Friday, February 15, 2013

More on Robert Rines

So this week I've been reading some of the materials I got from WWU's library, primarily Dennis Meredith's Search at Loch Ness and Tim Dinsdale's Loch Ness Monster. These two books are accounts of two different sets of expeditions to find the monster, the first in the 1960s and the second in the 1970s.
Dinsdales's account begins with his examination of another publication on the monster from the Loch Ness Investigation Bureau by Constance Whyte and his systematic analysis of all sightings of the monster before he actually begins looking, to decide what exactly he is looking for. After creating his "map", he goes to Loch Ness and begins his own investigation. I thought his conviction that the Surgeon's Photograph was undeniably real and not a hoax was telling of when the book was written, since the photograph was revealed as a hoax in 1975, more than a decade later.
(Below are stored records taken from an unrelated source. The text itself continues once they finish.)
Lemma rank_fuel_unstable_walk (n : nat) (P : Pred) :
  rank_fuel Pi (S n) P <> rank_fuel Pi n P ->
  exists l Z, length l = n /\ dep_walk (P :: l) Z.
Proof.
  revert P; induction n as [|n IH]; intros P Hunstable.
  - rewrite rank_fuel_S in Hunstable.
    destruct (flat_map _ Pi) as [|x xs] eqn:E; [contradiction|].
    assert (Hx : In x (x :: xs)) by now left. rewrite <- E in Hx.
    apply in_flat_map in Hx as [r [Hr Hx]].
    destruct (Pred_eq_dec (apred (rhead r)) P) as [Hhead|]; [|contradiction].
    apply in_map_iff in Hx as [b [_ Hb]].
    exists [], (apred b). split; [reflexivity|]. split; [|exact I]. exists r; eauto.
  - destruct (classic (exists Q, depends Pi P Q /\ rank_fuel Pi (S n) Q <> rank_fuel Pi n Q))
      as [[Q [HPQ HQ]] | Hstable].
    + destruct (IH Q HQ) as [l [Z [Hl Hwalk]]].
      exists (Q :: l), Z. split; [simpl; lia|]. split; assumption.
    + exfalso. apply Hunstable, rank_fuel_S_congr. intros Q HPQ.
      destruct (Nat.eq_dec (rank_fuel Pi (S n) Q) (rank_fuel Pi n Q)); [assumption|].
      exfalso. apply Hstable. eauto.
Qed.

Lemma dep_walk_clos_trans (l : list Pred) (P Z Q : Pred) :
  dep_walk (P :: l) Z -> In Q l -> clos_trans Pred (depends Pi) P Q.
Proof.
  revert P; induction l as [|P' l IH]; intros P [HPP' Hwalk] HQ; [contradiction|].
  destruct HQ as [<-|HQ].
  - now apply t_step.
  - apply t_trans with P'; [now apply t_step | now apply IH].
Qed.

Lemma dep_walk_NoDup (l : list Pred) (Z : Pred) :
  nonrecursive Pi -> dep_walk l Z -> NoDup l.
Proof.
  intros Hnr; induction l as [|P l IH]; intros Hwalk; constructor.
  - intros HP. apply (Hnr P). now apply (dep_walk_clos_trans l P Z).
  - apply IH, Hwalk.
Qed.

Lemma dep_walk_incl_heads (l : list Pred) (Z : Pred) :
  dep_walk l Z -> incl l (map (fun r => apred (rhead r)) Pi).
Proof.
  induction l as [|P l IH]; intros Hwalk Q HQ; [contradiction|].
  destruct Hwalk as [[r [Hr [Hhead _]]] Hwalk]. destruct HQ as [<-|HQ].
  - apply in_map_iff; eauto.
  - now apply IH.
Qed.

(* An unstable step would give a walk through [length Pi + 1] heads of rules,
   pairwise distinct since [Pi] is nonrecursive. *)
Lemma rank_fuel_stable (P : Pred) :
  nonrecursive Pi -> rank_fuel Pi (S (length Pi)) P = rank Pi P.
Proof.
  intros Hnr. unfold rank.
  destruct (Nat.eq_dec (rank_fuel Pi (S (length Pi)) P) (rank_fuel Pi (length Pi) P))
    as [|Hunstable]; [assumption|].
  destruct (rank_fuel_unstable_walk _ _ Hunstable) as [l [Z [Hl Hwalk]]].
  pose proof (NoDup_incl_length (dep_walk_NoDup _ _ Hnr Hwalk) (dep_walk_incl_heads _ _ Hwalk))
    as Hlen.
  rewrite length_map in Hlen. simpl in Hlen. lia.
Qed.

Lemma rank_body_lt (r : Rule) (b : Atom) :
  nonrecursive Pi -> In r Pi -> In b (rbody r) ->
  (rank Pi (apred b) < rank Pi (apred (rhead r)))%nat.
Proof.
  intros Hnr Hr Hb. rewrite <- (rank_fuel_stable (apred (rhead r)) Hnr), rank_fuel_S.
  apply in_le_list_max, in_flat_map. exists r. split; [assumption|].
  destruct (Pred_eq_dec (apred (rhead r)) (apred (rhead r))) as [_|]; [|congruence].
  apply in_map_iff. exists b. split; [reflexivity|assumption].
Qed.

End Rank.

Lemma eval_t_tvar (vt : nat -> Z) (a : Atom) (s : TTerm) (x : nat) :
  atime a = Some s -> In x (atom_tvars a) -> eval_t vt s = vt x + delta s.
Proof.
  unfold atom_tvars. intros ->.
  destruct s; simpl; [tauto| |]; intros [<-|[]]; lia.
Qed.

Lemma max_radius_nonneg (Pi : Program) : 0 <= max_radius Pi.
Proof. apply fold_right_Zmax_nonneg. Qed.

Lemma radius_le_max_radius (Pi : Program) (r : Rule) :
  In r Pi -> mentions_tvar r = true -> radius r <= max_radius Pi.
Proof.
  intros Hr Hm. apply in_le_fold_right_Zmax, in_map, filter_In. auto.
Qed.

Lemma body_delta_le_max_radius (Pi : Program) (r : Rule) (b : Atom) (s s' : TTerm) (x : nat) :
  In r Pi -> atime (rhead r) = Some s -> In x (atom_tvars (rhead r)) ->
  In b (rbody r) -> atime b = Some s' ->
  Z.abs (delta s - delta s') <= max_radius Pi.
Proof.
  intros Hr Hs Hx Hb Hs'.
  apply Z.le_trans with (radius r).
  - unfold radius. rewrite Hs. apply in_le_fold_right_Zmax, in_map_iff.
    exists b. rewrite Hs'. auto.
  - apply radius_le_max_radius; [assumption|].
    unfold mentions_tvar, rule_tvars. simpl. destruct (atom_tvars (rhead r)); [contradiction|].
    reflexivity.
Qed.

Lemma connected_body_time_ge (Pi : Program) (r : Rule) (b : Atom) (s' : TTerm) (x : nat)
  (vt : nat -> Z) :
  In r Pi -> connected_rule r -> In b (rbody r) -> atime b = Some s' ->
  In x (atom_tvars b) ->
  exists s, atime (rhead r) = Some s /\ eval_t vt s - max_radius Pi <= eval_t vt s'.
Proof.
  intros Hr [_ Hcon] Hb Hs' Hxb.
  assert (Hxh : In x (atom_tvars (rhead r))) by (apply Hcon, in_flat_map; eauto).
  destruct (atime (rhead r)) as [s|] eqn:Hs;
    [|unfold atom_tvars in Hxh; rewrite Hs in Hxh; contradiction].
  exists s. split; [reflexivity|].
  pose proof (body_delta_le_max_radius Pi r b s s' x Hr Hs Hxh Hb Hs').
  rewrite (eval_t_tvar vt _ _ _ Hs Hxh), (eval_t_tvar vt _ _ _ Hs' Hxb). lia.
Qed.

Lemma connected_body_time_cases (Pi : Program) (r : Rule) (b : Atom) (s' : TTerm)
  (vt : nat -> Z) :
  In r Pi -> connected_rule r -> In b (rbody r) -> atime b = Some s' ->
  In (eval_t vt s') (prog_tconsts Pi) \/
  exists s, atime (rhead r) = Some s /\ eval_t vt s - max_radius Pi <= eval_t vt s'.
Proof.
  intros Hr Hcon Hb Hs'.
  destruct s' as [c|x|x k]; [left|right..].
  - apply in_flat_map. exists r. split; [assumption|].
    apply in_flat_map. exists b. split; [now right|].
    unfold atom_tconsts. rewrite Hs'. now left.
  - apply (connected_body_time_ge Pi r b _ x); auto.
    unfold atom_tvars. rewrite Hs'. now left.
  - apply (connected_body_time_ge Pi r b _ x); auto.
    unfold atom_tvars. rewrite Hs'. now left.
Qed.

Section Cut.
Variables (Pi : Program) (D : list GAtom) (m : Z).
Hypothesis Hnr : nonrecursive Pi.
Hypothesis Hcon : forall r, In r Pi -> connected_rule r.
Hypothesis Hconsts : forall z, In z (prog_tconsts Pi) -> m <= z.

Definition slack (P : Pred) : Z := max_radius Pi * Z.of_nat (rank Pi P).

Lemma slack_nonneg (P : Pred) : 0 <= slack P.
Proof. apply Z.mul_nonneg_nonneg; [apply max_radius_nonneg | lia]. Qed.

Lemma slack_body (r : Rule) (b : Atom) :
  In r Pi -> In b (rbody r) -> slack (apred b) + max_radius Pi <= slack (apred (rhead r)).
Proof.
  intros Hr Hb. unfold slack.
  assert (Hrank : Z.of_nat (rank Pi (apred b)) + 1 <= Z.of_nat (rank Pi (apred (rhead r))))
    by (pose proof (rank_body_lt Pi r b Hnr Hr Hb); lia).
  pose proof (Z.mul_le_mono_nonneg_l _ _ _ (max_radius_nonneg Pi) Hrank). lia.
Qed.

Definition safe_cut (L : Z) (g : GAtom) : Prop :=
  L + slack (gpred g) <= m /\ forall t, gtime g = Some t -> L + slack (gpred g) <= t.

Lemma safe_cut_body (L : Z) (r : Rule) (b : Atom) vo vt :
  In r Pi -> In b (rbody r) ->
  safe_cut L (ground vo vt (rhead r)) -> safe_cut L (ground vo vt b).
Proof.
  intros Hr Hb [Hm Htime].
  pose proof (slack_body r b Hr Hb). pose proof (max_radius_nonneg Pi).
  split; simpl in *; [lia|]. intros t Ht.
  destruct (atime b) as [s'|] eqn:Hs'; [|discriminate]. injection Ht as <-.
  destruct (connected_body_time_cases Pi r b s' vt Hr (Hcon r Hr) Hb Hs')
    as [Hc | [s [Hs Hshift]]].
  - specialize (Hconsts _ Hc). lia.
  - rewrite Hs in Htime. specialize (Htime _ eq_refl). lia.
Qed.

Definition cut_entailed (g : GAtom) : Prop :=
  forall L, safe_cut L g -> entails Pi (restrict D (L - 1)) g.

Lemma cut_entailed_model : model Pi cut_entailed.
Proof.
  intros r Hr vo vt Hbody L Hcut I HI HD.
  apply (HI r Hr vo vt). intros b Hb.
  exact (Hbody b Hb L (safe_cut_body L r b vo vt Hr Hb Hcut) I HI HD).
Qed.

Lemma cut_entailed_data (f : GAtom) : In f D -> cut_entailed f.
Proof.
  intros Hf L [_ Htime] I _ HD. apply HD, filter_In. split; [assumption|].
  destruct (gtime f) as [t|]; [|reflexivity].
  specialize (Htime t eq_refl). pose proof (slack_nonneg (gpred f)).
  apply Z.ltb_lt. lia.
Qed.

Theorem entails_restrict_safe_cut (g : GAtom) (L : Z) :
  entails Pi D g -> safe_cut L g -> entails Pi (restrict D (L - 1)) g.
Proof.
  intros Hent. exact (Hent cut_entailed cut_entailed_model cut_entailed_data L).
Qed.

End Cut.

Theorem mainTheorem10 (Q : Query) (D' : list GAtom) (P : Pred) (os : list nat)
  (tau : Z) (T : list Z) (tmin : Z) :
  query_wf Q -> nonrecursive (qprog Q) -> connected_query Q -> dataset D' ->
  ptemporal P = true -> length os = parity P ->
  In tau T -> (forall z, In z (prog_tconsts (qprog Q)) -> In z T) ->
  In tmin T -> (forall z, In z T -> tmin <= z) ->
  entails (qprog Q) D' (mkGAtom P os (Some tau)) ->
  entails (qprog Q)
    (restrict D' (tmin - max_radius (qprog Q) * Z.of_nat (rank (qprog Q) P) - 1))
    (mkGAtom P os (Some tau)).
Proof.
  intros _ Hnr Hcon _ _ _ Htau HT _ Hmin Hent.
  apply (entails_restrict_safe_cut (qprog Q) D' tmin); auto.
  split; simpl; unfold slack.
  - lia.
  - intros t [= <-]. specialize (Hmin tau Htau). lia.
Qed.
In Meredith's book, Robert Rines' presentation of evidence to Parliament in 1975 is the focus, with the account of the proceedings interspersed with explanations of Rines' expeditions and use of new technology, most of which he either invented or pioneered the use of. One thing I thought was intriguing was Meredith's assertion that the reason that Rines and his colleagues weren't taken seriously by 'serious scientists' and the zoologists they presented the evidence to was that those people were afraid of being labelled as crackpots or otherwise damaging their reputations, and that the zoologists in particular were wary of all the different types of technology Rines used, including sonar and strobe lights underwater.